Work item: Take the line with "<= Num.floor (y" and the rest of the lines after it, to the end of the entries, and restate them exactly.

Collected data:
━━━━━━━━━━━━━━━━━━━━
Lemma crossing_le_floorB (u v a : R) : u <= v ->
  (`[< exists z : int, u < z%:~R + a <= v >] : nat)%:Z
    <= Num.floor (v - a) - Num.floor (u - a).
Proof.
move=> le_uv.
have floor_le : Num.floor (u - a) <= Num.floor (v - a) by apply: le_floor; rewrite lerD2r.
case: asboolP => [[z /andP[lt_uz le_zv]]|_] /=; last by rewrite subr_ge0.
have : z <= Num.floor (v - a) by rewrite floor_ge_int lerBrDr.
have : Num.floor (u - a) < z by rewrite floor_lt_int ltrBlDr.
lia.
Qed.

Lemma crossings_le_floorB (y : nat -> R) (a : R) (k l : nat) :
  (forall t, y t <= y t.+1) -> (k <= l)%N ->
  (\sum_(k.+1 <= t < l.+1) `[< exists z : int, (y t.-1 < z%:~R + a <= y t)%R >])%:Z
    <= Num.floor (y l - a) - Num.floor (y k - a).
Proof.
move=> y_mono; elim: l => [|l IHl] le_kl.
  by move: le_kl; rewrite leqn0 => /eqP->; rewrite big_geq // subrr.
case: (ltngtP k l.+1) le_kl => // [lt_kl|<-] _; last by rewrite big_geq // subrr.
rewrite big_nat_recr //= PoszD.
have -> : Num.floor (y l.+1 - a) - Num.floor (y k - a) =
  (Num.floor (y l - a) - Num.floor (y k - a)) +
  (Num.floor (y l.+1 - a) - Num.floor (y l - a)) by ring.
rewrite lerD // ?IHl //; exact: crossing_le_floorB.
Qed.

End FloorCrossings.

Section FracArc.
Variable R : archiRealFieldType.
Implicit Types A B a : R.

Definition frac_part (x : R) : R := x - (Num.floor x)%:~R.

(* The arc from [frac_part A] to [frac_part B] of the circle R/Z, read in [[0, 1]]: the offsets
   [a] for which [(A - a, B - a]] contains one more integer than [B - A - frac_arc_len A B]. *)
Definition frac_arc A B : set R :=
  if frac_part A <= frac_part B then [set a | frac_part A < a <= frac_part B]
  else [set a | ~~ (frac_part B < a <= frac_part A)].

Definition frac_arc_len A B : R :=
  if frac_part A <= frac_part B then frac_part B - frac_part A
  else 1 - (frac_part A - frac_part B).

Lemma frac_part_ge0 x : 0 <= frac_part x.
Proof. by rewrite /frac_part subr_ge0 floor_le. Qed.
━━━━━━━━━━━━━━━━━━━━
The completed task:
    <= Num.floor (y l - a) - Num.floor (y k - a).
Proof.
move=> y_mono; elim: l => [|l IHl] le_kl.
  by move: le_kl; rewrite leqn0 => /eqP->; rewrite big_geq // subrr.
case: (ltngtP k l.+1) le_kl => // [lt_kl|<-] _; last by rewrite big_geq // subrr.
rewrite big_nat_recr //= PoszD.
have -> : Num.floor (y l.+1 - a) - Num.floor (y k - a) =
  (Num.floor (y l - a) - Num.floor (y k - a)) +
  (Num.floor (y l.+1 - a) - Num.floor (y l - a)) by ring.
rewrite lerD // ?IHl //; exact: crossing_le_floorB.
Qed.

End FloorCrossings.

Section FracArc.
Variable R : archiRealFieldType.
Implicit Types A B a : R.

Definition frac_part (x : R) : R := x - (Num.floor x)%:~R.

(* The arc from [frac_part A] to [frac_part B] of the circle R/Z, read in [[0, 1]]: the offsets
   [a] for which [(A - a, B - a]] contains one more integer than [B - A - frac_arc_len A B]. *)
Definition frac_arc A B : set R :=
  if frac_part A <= frac_part B then [set a | frac_part A < a <= frac_part B]
  else [set a | ~~ (frac_part B < a <= frac_part A)].

Definition frac_arc_len A B : R :=
  if frac_part A <= frac_part B then frac_part B - frac_part A
  else 1 - (frac_part A - frac_part B).

Lemma frac_part_ge0 x : 0 <= frac_part x.
Proof. by rewrite /frac_part subr_ge0 floor_le. Qed.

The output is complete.